The U.S.-born son of Indian immigrants, Khanna is counting on the Indian-American community to come out in force on Nov. 8 to help catapult him into Congress to represent a swath of Silicon Valley stretching from Fremont to Cupertino. But when it comes to politics, Indian-Americans have been far more successful at bankrolling candidates of Indian heritage than galvanizing behind them.
As Khanna learned from his loss two years ago, it’s hard to weave together a cohesive voting bloc out of a constituency whose members trace their roots back to a country with 22 official languages and nine major religions. That task is even more difficult as a challenger running against Honda, a Japanese-American who attended high school in San Jose, has been elected to four different offices, and has had decades to build relationships with Indian-Americans of all stripes.
“It would be presumptuous for anyone to think they can get such a diverse community to rally completely around them,” said Khanna.
Many members of Silicon Valley’s Indian-American community have had enormous success launching startups and now run gold standard companies like Google and Adobe, but Indian-Americans are largely absent from the corridors of political power — even in the 17th congressional district, where they account for 1 in 10 voters.
The numbers are even more sparse in Khanna’s hometown of Fremont. Indian- and Chinese-American residents each make up about 20 percent of the city’s 224,000 residents.
“In Silicon Valley, there is a sense among Chinese-Americans that Indo-Americans are doing better when it comes to business leadership and rising up quickly to positions of corporate power,” said Karthick Ramakrishnan, a UC Riverside political science professor who directs the National Asian American Survey. When it comes to politics, though, Indians marvel at the success of their Chinese-American neighbors.
“It’s sad that we haven’t achieved the same success in politics as we have in other endeavors,” said Raj Salwan, a veterinarian Democratic Party donor who is trying for the second time to win election to the Fremont City Council.
“It’s democracy at its best and messiest,” said former Fremont Councilwoman Anu Natarajan, who ran unsuccessfully for mayor four years ago. Or as Salwan, who campaigned for Natarajan’s white opponent in that mayor’s race, put it: “We don’t fall into line, so to speak.”
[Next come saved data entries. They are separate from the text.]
Section BlockRow.
Variables (p : nat) (q_ : 'I_p -> nat) (B_ : forall l, 'M[F]_(N, q_ l)).

Lemma lattice_matrix_mxrow : (forall l, lattice_matrix (B_ l)) ->
  lattice_matrix (\mxrow_l B_ l).
Proof. by move=> latB c; rewrite col_mxrow; apply: latB. Qed.

Lemma Lat_mxrow : Lat (\mxrow_l B_ l) = \bigcup_l Lat (B_ l).
Proof.
apply/setP => x; rewrite inE; apply/existsP/bigcupP => [[c Ec]|[l _]].
  by exists (tagnat.sig1 c) => //; rewrite inE; apply/existsP;
    exists (tagnat.sig2 c); rewrite -col_mxrow.
rewrite inE => /existsP [c Ec]; exists (tagnat.Rank l c).
by rewrite -(col_colsub (tagnat.Rank l)) -/(submxrow _ l) mxrowK.
Qed.

End BlockRow.

End LatticeVectors.

Theorem lemma4 (F : finFieldType) (m k : nat) (rho : F)
  (hm : (2 <= m)%N) (hk : (1 <= k)%N)
  (hq : (m %| #|F|.-1)%N) (hrho : m.-primitive_root rho)
  (i j : 'I_k) (V : 'M[F]_(m ^ k, m ^ (k - 1)))
  (hVcols : [set col c V | c : 'I_(m ^ (k - 1))] = Vset m k rho i)
  (hVinj : injective (fun c : 'I_(m ^ (k - 1)) => col c V)) :
  let U := \bigcup_(l < m) Lat m k rho (mxpow (Xmat m k rho j) l *m V) in
  \rank (\mxrow_(l < m) (mxpow (Xmat m k rho j) l *m V)) = #|U|
  /\ #|U| = (if i == j then m ^ k else m ^ (k - 1))%N.
Proof.
move=> U; have m_gt0 := prim_order_gt0 hrho.
have latV : lattice_matrix rho V.
  move=> c; have : col c V \in latvec m k rho @: zero_coord_set m i.
    by rewrite -(Vset_latvec rho m_gt0) -hVcols; apply/imsetP; exists c.
  by case/imsetP => x _ ->; exists x.
have LatV : Lat m k rho V = zero_coord_set m i.
  apply: (imset_inj (latvec_inj m_gt0 hrho hq)).
  by rewrite imset_latvec_Lat // hVcols (Vset_latvec rho m_gt0).
split.
  rewrite (rank_Lat m_gt0 hrho hq) ?Lat_mxrow //.
  by apply: lattice_matrix_mxrow => l; apply: lattice_matrix_mulX.
have -> : U = \bigcup_(l < m) shift_coord m_gt0 j l @: zero_coord_set m i.
  by apply: eq_bigr => l _; rewrite (Lat_mulX m_gt0 hrho hq) ?LatV.
rewrite bigcup_shift_zero_coord; case: eqP => _.
  by rewrite cardsT card_ffun !card_ord.
by rewrite -LatV (card_Lat m_gt0 hrho hq).
Qed.
Lemma echo_term gtx grx (alpha x : R[i]) (Delta a s t : R) (n n' m m' : nat) :
  Delta != 0 -> let T := Delta^-1 in
  alpha * (x * gtx (t - s - n'%:R * T) * expi (2 * pi * m'%:R * Delta * (t - s - n'%:R * T)))
    * expi (2 * pi * a * t) * (grx (t - n%:R * T))^*
    * expi (- (2 * pi * m%:R * Delta * (t - n%:R * T)))
  = alpha * expi (2 * pi * a * (n%:R * T)) * expi (- (2 * pi * m'%:R * Delta * s)) * x
    * xambig_integrand gtx grx ((n%:R - n'%:R) * T - s) ((m%:R - m'%:R) * Delta - a)
        (t - (s + n'%:R * T)).
Proof.
move=> D0 T; rewrite /xambig_integrand.
have -> : t - (s + n'%:R * T) - ((n%:R - n'%:R) * T - s) = t - n%:R * T by ring.
have -> : t - (s + n'%:R * T) = t - s - n'%:R * T by ring.
transitivity (alpha * x * gtx (t - s - n'%:R * T) * (grx (t - n%:R * T))^*
  * (expi (2 * pi * m'%:R * Delta * (t - s - n'%:R * T)) * expi (2 * pi * a * t)
     * expi (- (2 * pi * m%:R * Delta * (t - n%:R * T))))); first by ring.
by rewrite echo_phase //; ring.
Qed.

End echo.

Local Close Scope classical_set_scope.

Theorem proposition1 (R : realType) (M N : nat) (hM : (0 < M)%N) (hN : (0 < N)%N)
  (Delta c lam v : R) (alpha : R[i])
  (hDelta : 0 < Delta) (hc : 0 < c) (hlam : 0 < lam)
  (gtx grx : R -> R[i]) (htx : L2 gtx) (hrx : L2 grx)
  (X : 'I_N -> 'I_M -> R[i]) (r : R -> R) (n : 'I_N) (m : 'I_M) :
  let T := Delta^-1 in
  YTF grx (ysig alpha gtx X Delta T c lam v r) Delta T n m
  = \sum_(n' < N) \sum_(m' < M)
      Hcoef alpha gtx grx Delta T c lam v r n m n' m' * X n' m'.
Proof.
move=> T; have D0 : Delta != 0 by rewrite gt_eqF.
pose s (n' : 'I_N) := r (n'%:R * T) / c.
pose G (n' : 'I_N) (m' : 'I_M) := xambig_integrand gtx grx
  ((n%:R - n'%:R) * T - s n') ((m%:R - m'%:R) * Delta - v / lam).
pose K (n' : 'I_N) (m' : 'I_M) := alpha * expi (2 * pi * (v / lam) * (n%:R * T))
  * expi (- (2 * pi * m'%:R * Delta * s n')) * X n' m'.
have term_integrable n' m' : cintegrable (fun t => K n' m' * G n' m' (t - (s n' + n'%:R * T))).
  by apply/cintegrableZ/cintegrable_subr/cintegrable_xambig_integrand.
rewrite /YTF (_ : (fun t => _) = fun t => \sum_(n' < N) \sum_(m' < M)
                   K n' m' * G n' m' (t - (s n' + n'%:R * T))); last first.
  apply/funext => t; rewrite /ysig /xsig !big_distrl; apply: eq_bigr => n' _ /=.
  rewrite big_distrr !big_distrl; apply: eq_bigr => m' _ /=.
  exact: echo_term.
rewrite cintegral_sum => [|n']; last exact: cintegrable_sum.
apply: eq_bigr => n' _; rewrite cintegral_sum //; apply: eq_bigr => m' _.
rewrite cintegralZ; last exact/cintegrable_subr/cintegrable_xambig_integrand.
rewrite cintegral_subr; last exact: cintegrable_xambig_integrand.
by rewrite /Hcoef xambigE /K mulrAC.
Qed.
Khanna, who said his favorite book is “The Argumentative Indian” by Nobel Prize-winning Indian economist Amartya Sen, has been working for nearly a decade to paper over divisions and offer himself as a unifying force in his community.
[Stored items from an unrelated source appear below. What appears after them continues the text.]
Lemma evol_congrE m (a : 'I_m -> R) t (X : 'M[C]_m) k l :
  (evol a t *m X *m adjmx (evol a t)) k l = phase ((a l - a k) * t) * X k l.
Proof.
rewrite /evol diag_congrE !mxE mulrAC phase_mul_conj.
by congr (phase _ * _); ring.
Qed.

Lemma hadamard_GPC m (a : 'I_m -> R) beta (Q : 'M[C]_m) :
  psd Q -> (forall x, Q x x = 1) -> GPC a beta (hadamard Q).
Proof.
move=> hQ Q1; split; [split|..].
- by move=> c X Y; apply/matrixP => i j; rewrite !mxE mulrDr mulrCA.
- by move=> X; apply: eq_bigr => i _; rewrite mxE Q1 mul1r.
- move=> n X hX; pose snd p := (@mxtens_unindex n m p).2.
  have -> : ampl (hadamard Q) X = hadamard (mxsub snd snd Q) X.
    by apply/matrixP => p q; rewrite !mxE -!surjective_pairing !mxtens_unindexK.
  exact/psd_hadamard/hX/psd_mxsub.
- apply/matrixP => i j; rewrite !mxE.
  by case: eqVneq => [->|_]; rewrite ?Q1 ?mul1r // mulr0n mulr0.
- by move=> t X _; apply/matrixP => i j; rewrite mxE !evol_congrE mxE mulrCA.
Qed.

Lemma outer_polarization n (e f : 'cV[C]_n) :
  e *m adjmx f =
  2^-1 *: ((e + f) *m adjmx (e + f))
  + ('i / 2) *: ((e + 'i *: f) *m adjmx (e + 'i *: f))
  + (- (1 + 'i) / 2) *: (e *m adjmx e + f *m adjmx f).
Proof.
have i2 : 'i * 'i = -1 :> C by rewrite -expr2 sqrCi.
have ci : ((-1)*i)%C = - 'i :> C by apply/eqP; rewrite eq_complex /= oppr0 !eqxx.
apply/matrixP => k l; rewrite !mxE !big_ord1 !mxE !rmorphD !rmorphM /= ci.
by field: i2.
Qed.
(* Let $h(t)=\sqrt{1+\frac1t}$ and $H(t)=h(t)+\frac{1}{h(t)}$ for $t\in(0,\infty)$. Then for every integer $i\ge1$ and $t>0$, \[ h^{(i)}(t)=\frac{(-1)^i}{2^i t^{i+1}(1+t)^{i-1}h(t)}\sum_{k=0}^{i-1}a_{i,k}t^k,\qquad \Bigl[\frac{1}{h(t)}\Bigr]^{(i)}=\frac{(-1)^{i+1}}{2^i t^{i}(1+t)^{i}h(t)}\sum_{k=0}^{i-1}b_{i,k}t^k, \] \[ H^{(i)}(t)=\frac{(-1)^i}{2^i t^{i+1}(1+t)^{i}h(t)}\sum_{k=0}^{i-1}c_{i,k}t^k, \] where \[ a_{i,k}=\frac{(i-1)!\,i!\,(2i-2k-1)!!}{(i-k-1)!\,(i-k)!\,k!}2^k,\quad b_{i,k}=\frac{(i-1)!\,i!\,(2i-2k-3)!!}{(i-k-1)!\,(i-k)!\,k!}2^k,\quad c_{i,k}=\frac{(i-1)!\,(i+1)!\,(2i-2k-1)!!}{(i-k-1)!\,(i-k+1)!\,k!}2^k. \] Consequently, $h$ and $H$ are completely monotonic on $(0,\infty)$, and $\frac1h$ is a Bernstein function on $(0,\infty)$.
   Context: Double factorials: $(2m-1)!!=1\cdot3\cdots(2m-1)$ for $m\ge1$, with $(-1)!!=1$. A function $f$ on an interval $I\subseteq\mathbb{R}$ is completely monotonic on $I$ if it has derivatives of all orders on $I$ and $(-1)^n f^{(n)}(t)\ge 0$ for all $t\in I$ and all integers $n\ge0$. A function $f:I\to[0,\infty)$ is a Bernstein function on $I$ if it has derivatives of all orders and $f'$ is completely monotonic on $I$. *)

From Stdlib Require Import Reals Factorial.
From Coquelicot Require Import Coquelicot.
Open Scope R_scope.

(* odd double factorial: dfact_odd m = (2m-1)!! = 1*3*...*(2m-1), with dfact_odd 0 = (-1)!! = 1 *)
Fixpoint dfact_odd (m : nat) : nat :=
  match m with
  | O => 1%nat
  | S m' => ((2 * m' + 1) * dfact_odd m')%nat
  end.
Lemma nonres_sum_Cmod_le (a : Z -> C) (n : Z) : zsumR_ex (fun k => Cmod (a k)) ->
  Cmod (nonres_sum a n)
  <= zconv (fun k => Cmod (a k)) (zconv (fun k => Cmod (a k)) (fun k => Cmod (a k))) n.
Proof.
  intro E. set (al := fun k => Cmod (a k)). fold al in E. set (L := zsumR al).
  assert (Hal : forall k, 0 <= al k <= L)
    by (intro k; split; [apply Cmod_ge_0|apply zsumR_term_le; [intro; apply Cmod_ge_0|exact E]]).
  pose proof (fun m => zconv_ex_bounded al al L m (fun k => proj1 (Hal k)) Hal E) as Hg.
  unfold nonres_sum. apply Cmod_zsumC_le.
  2:{ apply (zconv_ex_bounded al (zconv al al) (L * L) n (fun k => proj1 (Hal k))); [|exact E].
      intro m. apply Hg. }
  intro n1. destruct (zsumR_scal (al n1) _ (proj1 (Hg (n - n1)%Z))) as [Es Vs].
  unfold zconv at 1. rewrite <- Vs. apply Cmod_zsumC_le; [|exact Es].
  intro n2. destruct Z.eq_dec.
  - rewrite Cmod_0. apply Rmult_le_pos; [|apply Rmult_le_pos]; apply Cmod_ge_0.
  - rewrite !Cmod_mult. unfold al. right. ring.
Qed.

Section NonresonantEstimate.

Variables (s : R) (a : Z -> C).
Hypothesis Hs : 1 / 2 < s.
Hypothesis Ea : in_Hs s a.

Let al (k : Z) : R := Cmod (a k).
Let A (k : Z) : R := bracket s k * Cmod (a k).
Let c : R := Rpower 4 (s / 2).

Let al_nonneg (k : Z) : 0 <= al k := Cmod_ge_0 (a k).

Let A_nonneg (k : Z) : 0 <= A k.
Proof. apply Rmult_le_pos; [left; apply bracket_pos|apply Cmod_ge_0]. Qed.

Lemma weighted_sq_summable : zsumR_ex (fun k => A k ^ 2) /\ zsumR (fun k => A k ^ 2) = Hs_sq s a.
Proof.
  assert (HA : forall k, jbr2 s k * Cmod (a k) ^ 2 = A k ^ 2)
    by (intro k; unfold A; rewrite Rpow_mult_distr, bracket_sq; reflexivity).
  split; [exact (zsumR_ex_ext _ _ HA Ea)|]. symmetry. exact (zsumR_ext _ _ HA).
Qed.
He cites his grandfather’s personal struggle in the battle for India’s independence, while presenting himself as a second-generation secular Hindu who has moved beyond the divisions of the old country.
Khanna also has reached out to Sikhs, a minority religious group in India that still nurses wounds of violence against them — most notably in 1984, when thousands of Sikhs were killed in the majority Hindu nation after two Sikh bodyguards assigned to Prime Minister Indira Gandhi, assassinated her in retaliation for ordering Operation Blue Star.
Appearing with Honda at the Fremont Sikh temple two years ago, Khanna called the mass killings “a genocide,” a position not held by the U.S. State Department. When pressed by his hosts, Honda wouldn’t use the term “genocide.”
“That is what made me support Ro,” said Amrit Sra, a Silicon Valley executive who attended the event.
Indian-American leaders say they sense stronger support for Khanna this time around, and last June’s primary election results seem to support their case. After losing to Honda by 20 percentage points in the 2014 primary, Khanna won this year’s contest by two percentage points, running strongest in heavily Indian-American precincts in South Fremont and Cupertino.
“I think the community will converge around Ro,” said Saratoga Councilman Rishi Kumar. “And he might become the big uniter who can work across political and religious lines and help us collaborate for the common good.”